Beneath this instruction is a listing; print exactly the lines in it starting at the line that contains "by rewrite -[X" and going through the line that contains "apply: ler_wpM2l; first by rewrite mulr_ge0 ?stirling1_ge0".

┏━━

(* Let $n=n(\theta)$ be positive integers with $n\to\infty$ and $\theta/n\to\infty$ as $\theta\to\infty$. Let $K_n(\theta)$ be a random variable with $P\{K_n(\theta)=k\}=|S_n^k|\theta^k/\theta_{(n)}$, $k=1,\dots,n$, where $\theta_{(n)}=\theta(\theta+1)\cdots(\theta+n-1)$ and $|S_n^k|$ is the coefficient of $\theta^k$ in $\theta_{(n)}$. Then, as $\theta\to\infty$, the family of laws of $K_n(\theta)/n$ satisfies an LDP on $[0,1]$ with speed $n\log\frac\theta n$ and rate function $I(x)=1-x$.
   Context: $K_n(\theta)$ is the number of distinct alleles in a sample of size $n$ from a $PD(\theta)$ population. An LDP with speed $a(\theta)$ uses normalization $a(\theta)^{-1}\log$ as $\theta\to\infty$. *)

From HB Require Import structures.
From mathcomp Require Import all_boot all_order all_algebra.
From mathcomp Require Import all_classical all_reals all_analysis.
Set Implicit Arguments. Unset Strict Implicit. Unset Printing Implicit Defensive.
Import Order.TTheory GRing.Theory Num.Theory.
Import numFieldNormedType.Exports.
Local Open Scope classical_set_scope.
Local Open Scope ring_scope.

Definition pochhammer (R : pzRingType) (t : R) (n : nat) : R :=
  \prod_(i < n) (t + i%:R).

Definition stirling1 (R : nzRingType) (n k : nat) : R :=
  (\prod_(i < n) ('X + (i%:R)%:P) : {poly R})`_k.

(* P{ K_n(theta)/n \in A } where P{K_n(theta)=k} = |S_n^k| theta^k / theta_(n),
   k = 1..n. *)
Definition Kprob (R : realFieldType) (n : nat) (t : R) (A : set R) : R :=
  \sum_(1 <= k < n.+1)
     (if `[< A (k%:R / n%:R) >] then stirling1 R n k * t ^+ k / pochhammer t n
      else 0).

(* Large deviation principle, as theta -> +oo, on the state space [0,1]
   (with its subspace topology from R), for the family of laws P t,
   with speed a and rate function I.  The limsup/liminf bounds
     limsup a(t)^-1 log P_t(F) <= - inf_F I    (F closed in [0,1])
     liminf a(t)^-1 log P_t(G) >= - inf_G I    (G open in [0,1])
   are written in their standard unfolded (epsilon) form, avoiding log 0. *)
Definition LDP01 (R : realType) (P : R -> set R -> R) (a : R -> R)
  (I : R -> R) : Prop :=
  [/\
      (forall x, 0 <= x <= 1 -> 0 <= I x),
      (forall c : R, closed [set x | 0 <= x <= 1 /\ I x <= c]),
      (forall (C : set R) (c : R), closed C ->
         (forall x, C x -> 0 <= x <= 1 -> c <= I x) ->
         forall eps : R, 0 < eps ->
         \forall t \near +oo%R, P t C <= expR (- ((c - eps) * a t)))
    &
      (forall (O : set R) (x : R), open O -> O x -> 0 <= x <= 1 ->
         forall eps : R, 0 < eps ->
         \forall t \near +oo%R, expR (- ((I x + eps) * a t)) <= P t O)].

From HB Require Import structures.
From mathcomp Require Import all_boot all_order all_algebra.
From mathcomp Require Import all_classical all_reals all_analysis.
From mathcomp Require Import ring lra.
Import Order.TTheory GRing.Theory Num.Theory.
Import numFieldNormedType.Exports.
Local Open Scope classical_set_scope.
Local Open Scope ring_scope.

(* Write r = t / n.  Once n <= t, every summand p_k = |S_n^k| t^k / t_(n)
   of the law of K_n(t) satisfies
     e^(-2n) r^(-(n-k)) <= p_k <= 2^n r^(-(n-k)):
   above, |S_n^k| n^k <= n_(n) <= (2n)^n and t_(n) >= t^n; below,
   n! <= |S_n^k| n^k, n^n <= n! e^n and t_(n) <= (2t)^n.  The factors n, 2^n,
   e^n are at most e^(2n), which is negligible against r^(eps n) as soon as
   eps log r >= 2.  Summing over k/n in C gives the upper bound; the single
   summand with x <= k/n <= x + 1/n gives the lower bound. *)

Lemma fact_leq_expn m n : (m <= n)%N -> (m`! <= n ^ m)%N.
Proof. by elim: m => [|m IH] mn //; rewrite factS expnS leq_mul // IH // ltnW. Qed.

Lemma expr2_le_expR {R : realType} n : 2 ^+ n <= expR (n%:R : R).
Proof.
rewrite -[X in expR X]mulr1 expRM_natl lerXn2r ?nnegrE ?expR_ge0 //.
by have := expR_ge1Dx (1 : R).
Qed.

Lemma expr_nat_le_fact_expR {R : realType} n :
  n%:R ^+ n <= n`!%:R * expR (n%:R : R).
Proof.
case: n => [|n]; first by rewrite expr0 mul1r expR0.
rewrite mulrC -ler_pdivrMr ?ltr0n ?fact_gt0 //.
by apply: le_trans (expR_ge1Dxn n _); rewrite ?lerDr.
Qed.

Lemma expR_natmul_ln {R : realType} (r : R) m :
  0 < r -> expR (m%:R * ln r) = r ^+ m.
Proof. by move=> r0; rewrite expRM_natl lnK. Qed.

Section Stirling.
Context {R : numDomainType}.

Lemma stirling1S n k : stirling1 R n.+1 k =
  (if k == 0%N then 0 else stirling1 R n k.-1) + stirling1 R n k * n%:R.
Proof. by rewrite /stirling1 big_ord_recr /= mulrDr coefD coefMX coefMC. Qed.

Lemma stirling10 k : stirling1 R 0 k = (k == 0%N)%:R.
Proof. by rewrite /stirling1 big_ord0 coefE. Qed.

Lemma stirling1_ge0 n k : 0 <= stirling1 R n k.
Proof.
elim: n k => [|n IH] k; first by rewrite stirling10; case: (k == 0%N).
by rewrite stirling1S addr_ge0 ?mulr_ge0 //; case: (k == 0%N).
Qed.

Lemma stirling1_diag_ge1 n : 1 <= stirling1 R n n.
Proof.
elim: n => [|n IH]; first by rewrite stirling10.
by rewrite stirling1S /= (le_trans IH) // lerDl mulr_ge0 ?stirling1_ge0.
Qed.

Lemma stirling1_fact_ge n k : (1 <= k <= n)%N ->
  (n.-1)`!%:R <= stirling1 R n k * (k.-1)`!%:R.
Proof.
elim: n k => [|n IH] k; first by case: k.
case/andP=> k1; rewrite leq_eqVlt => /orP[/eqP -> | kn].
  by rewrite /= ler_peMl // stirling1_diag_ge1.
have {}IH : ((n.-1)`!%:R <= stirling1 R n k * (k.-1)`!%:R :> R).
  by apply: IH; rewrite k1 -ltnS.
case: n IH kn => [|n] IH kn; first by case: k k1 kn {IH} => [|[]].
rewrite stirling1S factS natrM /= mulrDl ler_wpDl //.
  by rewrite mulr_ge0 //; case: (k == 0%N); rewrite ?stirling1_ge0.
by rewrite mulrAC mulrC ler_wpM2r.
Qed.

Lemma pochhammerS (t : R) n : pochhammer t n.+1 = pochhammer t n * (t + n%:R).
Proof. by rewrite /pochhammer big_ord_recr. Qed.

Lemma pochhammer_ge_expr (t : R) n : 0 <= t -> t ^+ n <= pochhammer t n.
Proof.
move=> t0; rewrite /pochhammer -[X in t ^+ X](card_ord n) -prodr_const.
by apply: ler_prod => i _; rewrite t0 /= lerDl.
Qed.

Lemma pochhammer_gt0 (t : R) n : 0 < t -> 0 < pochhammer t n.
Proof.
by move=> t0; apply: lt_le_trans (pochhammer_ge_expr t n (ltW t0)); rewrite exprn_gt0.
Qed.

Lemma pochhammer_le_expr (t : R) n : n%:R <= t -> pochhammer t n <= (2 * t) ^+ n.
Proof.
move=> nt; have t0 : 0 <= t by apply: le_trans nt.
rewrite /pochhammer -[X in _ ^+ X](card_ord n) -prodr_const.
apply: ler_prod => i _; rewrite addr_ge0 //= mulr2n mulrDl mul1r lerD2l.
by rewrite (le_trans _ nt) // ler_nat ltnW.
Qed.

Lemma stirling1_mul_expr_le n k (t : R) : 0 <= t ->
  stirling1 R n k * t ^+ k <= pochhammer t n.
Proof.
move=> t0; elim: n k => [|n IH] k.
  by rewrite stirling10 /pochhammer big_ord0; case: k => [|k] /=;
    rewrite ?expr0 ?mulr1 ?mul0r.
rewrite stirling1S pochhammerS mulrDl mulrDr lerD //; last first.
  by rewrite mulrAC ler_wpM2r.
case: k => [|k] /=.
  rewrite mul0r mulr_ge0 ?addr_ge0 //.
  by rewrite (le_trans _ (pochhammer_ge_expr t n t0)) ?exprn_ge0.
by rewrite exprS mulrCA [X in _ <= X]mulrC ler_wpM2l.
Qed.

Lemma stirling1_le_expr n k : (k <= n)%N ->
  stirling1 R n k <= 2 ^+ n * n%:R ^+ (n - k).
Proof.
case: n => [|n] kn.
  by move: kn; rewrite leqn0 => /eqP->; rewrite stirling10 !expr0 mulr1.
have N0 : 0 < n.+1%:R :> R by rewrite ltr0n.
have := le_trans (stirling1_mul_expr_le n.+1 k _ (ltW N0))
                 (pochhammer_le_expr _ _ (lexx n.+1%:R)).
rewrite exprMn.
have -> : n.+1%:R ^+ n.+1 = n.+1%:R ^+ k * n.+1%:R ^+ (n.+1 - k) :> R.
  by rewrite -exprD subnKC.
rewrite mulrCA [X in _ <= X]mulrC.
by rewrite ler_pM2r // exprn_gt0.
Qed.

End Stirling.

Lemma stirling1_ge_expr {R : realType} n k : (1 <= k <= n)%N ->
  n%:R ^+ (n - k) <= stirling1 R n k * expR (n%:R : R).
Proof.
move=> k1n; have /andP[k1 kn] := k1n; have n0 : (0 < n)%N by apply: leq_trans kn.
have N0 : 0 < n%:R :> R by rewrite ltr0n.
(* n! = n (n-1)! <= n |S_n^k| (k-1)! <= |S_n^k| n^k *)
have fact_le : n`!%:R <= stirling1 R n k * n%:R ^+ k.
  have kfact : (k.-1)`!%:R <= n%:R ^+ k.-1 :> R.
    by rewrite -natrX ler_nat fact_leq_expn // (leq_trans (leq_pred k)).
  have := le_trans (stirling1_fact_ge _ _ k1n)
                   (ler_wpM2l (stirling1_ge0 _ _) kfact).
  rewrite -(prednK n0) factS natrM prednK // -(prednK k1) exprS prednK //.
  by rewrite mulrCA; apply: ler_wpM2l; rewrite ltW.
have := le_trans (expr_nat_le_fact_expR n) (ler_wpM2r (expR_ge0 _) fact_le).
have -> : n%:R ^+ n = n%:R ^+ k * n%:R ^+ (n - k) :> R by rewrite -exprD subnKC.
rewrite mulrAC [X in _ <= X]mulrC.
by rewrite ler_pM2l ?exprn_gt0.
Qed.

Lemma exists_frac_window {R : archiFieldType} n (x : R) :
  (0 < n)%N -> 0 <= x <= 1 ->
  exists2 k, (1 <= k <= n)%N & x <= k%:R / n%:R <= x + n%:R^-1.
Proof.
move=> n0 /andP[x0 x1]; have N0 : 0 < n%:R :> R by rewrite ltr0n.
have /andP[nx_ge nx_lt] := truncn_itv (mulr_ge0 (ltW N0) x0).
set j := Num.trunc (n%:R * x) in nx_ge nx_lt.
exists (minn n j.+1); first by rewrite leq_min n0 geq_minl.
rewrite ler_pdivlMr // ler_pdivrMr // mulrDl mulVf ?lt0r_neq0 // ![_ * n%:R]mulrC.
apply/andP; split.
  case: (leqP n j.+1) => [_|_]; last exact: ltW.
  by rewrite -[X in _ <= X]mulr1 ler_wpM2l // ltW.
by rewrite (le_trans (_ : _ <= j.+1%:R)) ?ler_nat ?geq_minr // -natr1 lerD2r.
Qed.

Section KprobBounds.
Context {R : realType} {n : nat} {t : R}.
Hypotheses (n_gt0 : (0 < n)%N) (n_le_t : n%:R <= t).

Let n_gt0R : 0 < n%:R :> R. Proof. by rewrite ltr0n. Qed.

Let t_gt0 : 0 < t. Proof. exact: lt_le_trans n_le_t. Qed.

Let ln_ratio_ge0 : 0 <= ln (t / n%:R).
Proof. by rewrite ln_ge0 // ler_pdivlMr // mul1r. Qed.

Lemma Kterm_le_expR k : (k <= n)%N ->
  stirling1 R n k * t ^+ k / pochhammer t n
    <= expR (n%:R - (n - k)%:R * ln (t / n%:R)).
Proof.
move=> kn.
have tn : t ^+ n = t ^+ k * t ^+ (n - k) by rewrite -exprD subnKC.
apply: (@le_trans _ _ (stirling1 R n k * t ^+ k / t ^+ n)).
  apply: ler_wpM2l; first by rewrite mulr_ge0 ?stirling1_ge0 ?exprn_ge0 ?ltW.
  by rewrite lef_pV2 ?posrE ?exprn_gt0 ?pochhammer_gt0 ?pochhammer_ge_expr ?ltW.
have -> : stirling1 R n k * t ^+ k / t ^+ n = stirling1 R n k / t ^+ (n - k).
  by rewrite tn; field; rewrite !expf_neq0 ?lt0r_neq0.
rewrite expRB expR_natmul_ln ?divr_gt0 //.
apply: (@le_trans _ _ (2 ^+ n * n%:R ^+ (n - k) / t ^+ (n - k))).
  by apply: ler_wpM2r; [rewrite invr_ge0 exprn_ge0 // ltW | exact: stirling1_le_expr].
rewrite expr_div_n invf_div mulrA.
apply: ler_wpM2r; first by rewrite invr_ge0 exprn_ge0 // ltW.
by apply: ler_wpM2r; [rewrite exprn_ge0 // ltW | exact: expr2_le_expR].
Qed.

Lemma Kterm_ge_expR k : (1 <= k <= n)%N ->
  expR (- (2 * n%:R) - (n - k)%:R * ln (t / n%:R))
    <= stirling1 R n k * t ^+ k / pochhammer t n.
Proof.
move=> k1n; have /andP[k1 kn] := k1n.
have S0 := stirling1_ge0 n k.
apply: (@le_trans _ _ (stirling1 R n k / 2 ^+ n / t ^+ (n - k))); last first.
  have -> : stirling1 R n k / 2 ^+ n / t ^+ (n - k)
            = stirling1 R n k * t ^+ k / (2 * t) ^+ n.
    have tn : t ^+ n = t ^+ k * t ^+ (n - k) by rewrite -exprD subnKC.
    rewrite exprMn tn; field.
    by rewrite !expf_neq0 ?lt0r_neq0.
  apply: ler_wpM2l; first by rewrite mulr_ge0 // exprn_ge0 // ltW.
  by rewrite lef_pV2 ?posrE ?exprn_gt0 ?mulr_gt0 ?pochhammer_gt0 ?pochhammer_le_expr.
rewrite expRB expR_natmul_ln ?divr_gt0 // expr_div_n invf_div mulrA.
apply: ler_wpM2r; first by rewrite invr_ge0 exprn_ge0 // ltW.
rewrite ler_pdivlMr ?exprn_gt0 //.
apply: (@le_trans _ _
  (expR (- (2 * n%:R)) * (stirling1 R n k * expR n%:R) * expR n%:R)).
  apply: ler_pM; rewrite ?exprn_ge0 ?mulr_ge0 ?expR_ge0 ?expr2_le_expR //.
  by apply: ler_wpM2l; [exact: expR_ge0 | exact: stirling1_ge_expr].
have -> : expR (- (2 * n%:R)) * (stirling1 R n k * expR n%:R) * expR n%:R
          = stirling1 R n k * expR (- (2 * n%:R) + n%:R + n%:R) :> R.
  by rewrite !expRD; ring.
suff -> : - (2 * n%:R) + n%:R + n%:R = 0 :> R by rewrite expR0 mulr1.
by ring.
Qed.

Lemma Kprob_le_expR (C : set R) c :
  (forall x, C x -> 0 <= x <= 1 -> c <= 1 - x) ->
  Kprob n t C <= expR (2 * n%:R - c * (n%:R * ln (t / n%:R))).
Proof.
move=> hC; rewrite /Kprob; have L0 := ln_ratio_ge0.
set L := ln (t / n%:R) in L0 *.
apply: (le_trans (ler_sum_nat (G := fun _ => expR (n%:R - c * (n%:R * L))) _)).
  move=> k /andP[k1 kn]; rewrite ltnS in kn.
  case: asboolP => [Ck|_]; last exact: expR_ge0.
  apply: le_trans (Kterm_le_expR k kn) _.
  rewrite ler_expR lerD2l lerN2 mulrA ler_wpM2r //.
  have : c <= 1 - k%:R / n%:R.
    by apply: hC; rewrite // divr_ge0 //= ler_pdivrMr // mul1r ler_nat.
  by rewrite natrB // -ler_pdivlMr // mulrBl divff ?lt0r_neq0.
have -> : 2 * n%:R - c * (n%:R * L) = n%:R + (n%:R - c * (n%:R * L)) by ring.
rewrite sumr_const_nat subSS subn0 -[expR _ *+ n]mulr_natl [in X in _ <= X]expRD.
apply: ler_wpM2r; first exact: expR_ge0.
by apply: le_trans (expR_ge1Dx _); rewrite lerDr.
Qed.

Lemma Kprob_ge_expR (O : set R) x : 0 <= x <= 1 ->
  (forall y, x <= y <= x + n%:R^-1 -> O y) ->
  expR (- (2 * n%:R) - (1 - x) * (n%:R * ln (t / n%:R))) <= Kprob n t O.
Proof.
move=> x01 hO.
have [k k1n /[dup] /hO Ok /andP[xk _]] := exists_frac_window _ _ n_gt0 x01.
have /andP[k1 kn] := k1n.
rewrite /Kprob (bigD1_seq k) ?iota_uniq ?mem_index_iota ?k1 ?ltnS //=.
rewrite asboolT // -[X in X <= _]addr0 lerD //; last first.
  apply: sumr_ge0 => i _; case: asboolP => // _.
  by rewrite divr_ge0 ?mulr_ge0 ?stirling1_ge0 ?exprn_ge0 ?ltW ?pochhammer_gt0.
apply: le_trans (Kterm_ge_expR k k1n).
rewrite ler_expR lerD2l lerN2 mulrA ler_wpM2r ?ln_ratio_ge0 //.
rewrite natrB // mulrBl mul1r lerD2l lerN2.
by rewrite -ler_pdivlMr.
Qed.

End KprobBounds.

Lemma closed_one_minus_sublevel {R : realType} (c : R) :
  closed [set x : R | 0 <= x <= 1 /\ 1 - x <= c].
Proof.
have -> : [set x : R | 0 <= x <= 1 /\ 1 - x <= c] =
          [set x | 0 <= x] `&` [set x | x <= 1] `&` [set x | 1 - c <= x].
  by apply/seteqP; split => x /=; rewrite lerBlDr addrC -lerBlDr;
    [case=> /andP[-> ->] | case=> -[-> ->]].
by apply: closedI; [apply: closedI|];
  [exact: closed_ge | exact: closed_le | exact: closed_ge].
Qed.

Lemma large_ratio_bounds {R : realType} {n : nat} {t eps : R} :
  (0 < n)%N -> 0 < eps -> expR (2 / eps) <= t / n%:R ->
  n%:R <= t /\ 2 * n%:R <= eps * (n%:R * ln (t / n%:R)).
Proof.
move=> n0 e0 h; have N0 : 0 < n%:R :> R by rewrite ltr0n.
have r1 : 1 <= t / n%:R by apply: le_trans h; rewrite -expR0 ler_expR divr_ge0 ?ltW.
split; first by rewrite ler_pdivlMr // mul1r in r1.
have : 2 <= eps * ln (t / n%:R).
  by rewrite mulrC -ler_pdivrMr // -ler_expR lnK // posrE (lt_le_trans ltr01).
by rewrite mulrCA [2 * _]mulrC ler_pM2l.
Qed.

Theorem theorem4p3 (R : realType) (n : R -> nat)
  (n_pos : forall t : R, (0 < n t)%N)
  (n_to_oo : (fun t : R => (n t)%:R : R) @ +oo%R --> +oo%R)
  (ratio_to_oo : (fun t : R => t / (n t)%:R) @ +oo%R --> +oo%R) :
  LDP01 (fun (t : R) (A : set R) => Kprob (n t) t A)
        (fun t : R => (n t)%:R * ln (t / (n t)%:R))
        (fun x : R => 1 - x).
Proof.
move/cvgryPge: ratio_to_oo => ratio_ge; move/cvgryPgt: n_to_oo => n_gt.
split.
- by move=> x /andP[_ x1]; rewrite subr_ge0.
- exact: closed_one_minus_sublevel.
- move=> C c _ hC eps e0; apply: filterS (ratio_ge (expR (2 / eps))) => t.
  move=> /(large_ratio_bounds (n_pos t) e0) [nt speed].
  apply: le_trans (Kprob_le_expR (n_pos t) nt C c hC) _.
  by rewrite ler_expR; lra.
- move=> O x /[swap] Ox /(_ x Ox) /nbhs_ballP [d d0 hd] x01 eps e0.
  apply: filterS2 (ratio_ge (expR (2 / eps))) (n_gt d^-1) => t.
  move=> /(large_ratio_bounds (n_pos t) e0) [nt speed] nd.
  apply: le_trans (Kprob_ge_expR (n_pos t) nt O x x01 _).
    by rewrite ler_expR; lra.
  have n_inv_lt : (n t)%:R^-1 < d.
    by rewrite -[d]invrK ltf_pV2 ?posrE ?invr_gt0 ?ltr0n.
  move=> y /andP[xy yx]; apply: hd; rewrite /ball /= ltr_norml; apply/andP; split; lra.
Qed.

┗━━

(RESPONSE TO THIS EXERCISE):
  by rewrite -[X in _ <= X]mulr1 ler_wpM2l // ltW.
by rewrite (le_trans (_ : _ <= j.+1%:R)) ?ler_nat ?geq_minr // -natr1 lerD2r.
Qed.

Section KprobBounds.
Context {R : realType} {n : nat} {t : R}.
Hypotheses (n_gt0 : (0 < n)%N) (n_le_t : n%:R <= t).

Let n_gt0R : 0 < n%:R :> R. Proof. by rewrite ltr0n. Qed.

Let t_gt0 : 0 < t. Proof. exact: lt_le_trans n_le_t. Qed.

Let ln_ratio_ge0 : 0 <= ln (t / n%:R).
Proof. by rewrite ln_ge0 // ler_pdivlMr // mul1r. Qed.

Lemma Kterm_le_expR k : (k <= n)%N ->
  stirling1 R n k * t ^+ k / pochhammer t n
    <= expR (n%:R - (n - k)%:R * ln (t / n%:R)).
Proof.
move=> kn.
have tn : t ^+ n = t ^+ k * t ^+ (n - k) by rewrite -exprD subnKC.
apply: (@le_trans _ _ (stirling1 R n k * t ^+ k / t ^+ n)).
  apply: ler_wpM2l; first by rewrite mulr_ge0 ?stirling1_ge0 ?exprn_ge0 ?ltW.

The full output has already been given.